Im Jahr 1845 gründeten Siedler aus dem bayerischen Frankenwald den Ort Frankenmuth in Michigan. Im Gepäck der Auswanderer befanden sich auch einige Spielsachen und Schulmaterial für die Kinder. Zusammen mit den notwendigen mitgebrachten Dingen und den Heimaterinnerungen sind diese im Historischen Museum von Frankenmuth zu besichtigen.
Was würden Kinder unserer Zeit als ihr liebstes Stück mitnehmen? Schulkinder aus Nordhalben im Frankenwald und Kinder aus Frankenmuth, Michigan, machen sich darüber Gedanken und erstellen Bilder für eine Ausstellung.

 

In 1845 emigrants from Franken, Bavaria, came to Michigan and founded the village of Frankenmuth. In their baggage they also had a few little toys and school things for their children, now presented in the Historical Museum of Frankenmuth. In 2016 children of the elementary schools Nordhalben, Frankenwald, and Frankenmuth, Michigan, discuss the question: What would we take with us as emigrants at the present time? They create pictures of their favourite things and prepare an exhibition in exchange.

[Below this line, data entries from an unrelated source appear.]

(* Let $g(x)=1-(1-x^2)^4$ for $|x|\le1$ and $g(x)=1$ otherwise. Fix $0<p_o<\widetilde{p_o}<2$ and let $(q,p)$, respectively $(\widetilde q,\widetilde p)$, be the global solutions of $\dot q=p$, $\dot p=-g'(q)$ with initial data $(0,p_o)$, respectively $(0,\widetilde{p_o})$. Then: (i) if $p_o\in]0,\sqrt2[$, then $q(t)<\widetilde q(t)$ for all $t\in]0,\mathcal{T}(p_o)/2]$; (ii) if $p_o\in[\sqrt2,2[$, then $q(t)<\widetilde q(t)$ for all $t\in]0,+\infty[$.
   Context: For $p_o\in]0,\sqrt2[$, the solution $q$ of $\dot q=p$, $\dot p=-g'(q)$ with $(q(0),p(0))=(0,p_o)$ is periodic, and $\mathcal{T}(p_o)$ denotes its smallest period. *)

From Stdlib Require Import Reals.
From Coquelicot Require Import Coquelicot.
Open Scope R_scope.

Definition g (x : R) : R :=
  if Rle_dec (Rabs x) 1 then 1 - (1 - x ^ 2) ^ 4 else 1.

Definition is_global_solution (q p : R -> R) (p0 : R) : Prop :=
  q 0 = 0 /\ p 0 = p0 /\
  forall t : R, is_derive q t (p t) /\ is_derive p t (- Derive g (q t)).

Definition min_period (f : R -> R) : R :=
  real (Glb_Rbar (fun T => 0 < T /\ forall t, f (t + T) = f t)).

From Stdlib Require Import Reals Lra Psatz Classical.
From Coquelicot Require Import Coquelicot.
Open Scope R_scope.

(* Both solutions conserve the energy [p^2 + 2 g(q)].  While the faster solution
   moves forward it cannot be caught: at a first meeting point the potentials agree,
   so it has strictly more kinetic energy and hence the larger velocity.  Above the
   separatrix (energy at least 2) it never stops, which gives (ii) and the case
   [pto >= sqrt 2] of (i).  Below the separatrix both solutions oscillate inside the
   well [|q| < 1], symmetrically about their first turning times [Q] and [Qt], and
   the quarter period grows with the amplitude, [Q < Qt]: measured in units of its
   own amplitude, the solution of larger amplitude is slower at every common
   normalised position, because [a |-> ((1 - a V)^4 - (1 - a)^4) / a] is decreasing.
   So [q < qt] up to [Qt], and on [[Qt, 2Q]] the reflection [q (2Q - t) = q t] brings
   us back before [Q]. *)

(** * Calculus on the real line *)

Lemma is_derive_continuity_pt (F : R -> R) (x l : R) :
  is_derive F x l -> continuity_pt F x.
Proof.
intros HD. apply is_derive_Reals in HD. apply derivable_continuous_pt. now exists l.
Qed.

Lemma continuity_pt_pos_near (F : R -> R) (x : R) :
  continuity_pt F x -> 0 < F x ->
  exists d, 0 < d /\ forall s, Rabs (s - x) < d -> 0 < F s.
Proof.
intros HC HF. destruct (HC (F x) HF) as [d [Hd Hnear]].
exists d; split; [exact Hd|]. intros s Hs.
destruct (Req_dec x s) as [<-|Hne]; [exact HF|].
assert (Hclose : Rabs (F s - F x) < F x) by (apply Hnear; repeat split; auto).
apply Rabs_def2 in Hclose. lra.
Qed.

Lemma le_of_derive_nonneg (F F' : R -> R) (a b : R) :
  a <= b -> (forall x, is_derive F x (F' x)) ->
  (forall x, a <= x <= b -> 0 <= F' x) -> F a <= F b.
Proof.
intros Hab HD Hpos.
destruct (MVT_gen F a b F') as [c [Hc Hmvt]];
  [intros; apply HD | intros; eapply is_derive_continuity_pt, HD |].
rewrite Rmin_left, Rmax_right in Hc by lra.
assert (0 <= F' c) by (apply Hpos; lra). nra.
Qed.

Lemma lt_of_derive_pos (F F' : R -> R) (a b : R) :
  a < b -> (forall x, is_derive F x (F' x)) ->
  (forall x, a <= x <= b -> 0 <= F' x) -> (forall x, a <= x < b -> 0 < F' x) ->
  F a < F b.
Proof.
intros Hab HD Hnn Hpos. set (m := (a + b) / 2).
assert (Hmb : F m <= F b) by (apply (le_of_derive_nonneg F F'); auto; unfold m in *;
  [lra | intros; apply Hnn; lra]).
destruct (MVT_gen F a m F') as [c [Hc Hmvt]];
  [intros; apply HD | intros; eapply is_derive_continuity_pt, HD |].
unfold m in *. rewrite Rmin_left, Rmax_right in Hc by lra.
assert (0 < F' c) by (apply Hpos; lra). nra.
Qed.

Lemma eq_of_derive_zero (F : R -> R) :
  (forall x, is_derive F x 0) -> forall s t, F s = F t.
Proof.
intros HD s t.
destruct (MVT_gen F s t (fun _ => 0)) as [c [_ Hmvt]];
  [intros; apply HD | intros; eapply is_derive_continuity_pt, HD | lra].
Qed.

Vernissage der Kunstwoche vom 10.10. - 14.10. 2016

Inge Stabenow Malerei, Herbert Stabenow Radierungen und Irmgard Niederreiter Projektarbeit mit Kindern der Grundschule Nordhalben präsentierten ihre Arbeiten im Künstlerhaus.


Transformation der Fischkiste

Vom 02.10. - 05.10. arbeitete Viktor Cleve an der Verwandlung der Fischkiste.

Viktor Cleve: "Dies steht als Metapher für die Verwandlung des Künstlerhauses".

Die Fischkiste des ehemaligen Geschäftes fand sich in einem der Kellergewölbe des Künstlerhauses.

 



Das MAXHAUS | Künstlerhaus Nordhalben wird von der Raiffeisenbank Norhalben mit einer Spende von 5000€ unterstützt.

Eine feierliche Übergabe findet am Sa.  8. Okt. um 15 Uhr am AVALON Gelände statt.



Vom 10.10. - 14.10. arbeiten Irmgard Niederreiter und das Ehepaar Stabenow im Maxhaus

Das Ehepaar Inge u. Herbert Stabenow arbeitet täglich von 10 Uhr bis 16 Uhr im Künstlerhaus.
Irmgard Niederreiter arbeitet in Schule/Künstlerhaus. (Arbeitet auch mit Kindern der Grundschule)


Erfolgreiche erste Abschlussausstellung im Maxhaus.

Zahlreich kamen die Besucher zur ersten Abschlussausstellung der  vier Künstler, Viktor Cleve "DER WEG", Martin Schlenger "DER SCHATTEN", Volker Ullenboom "DIE STEINE", Martijn Smits "DAS HOLZ"



Die Künstlerwoche vom 12.08 - 18.08 geht zu Ende.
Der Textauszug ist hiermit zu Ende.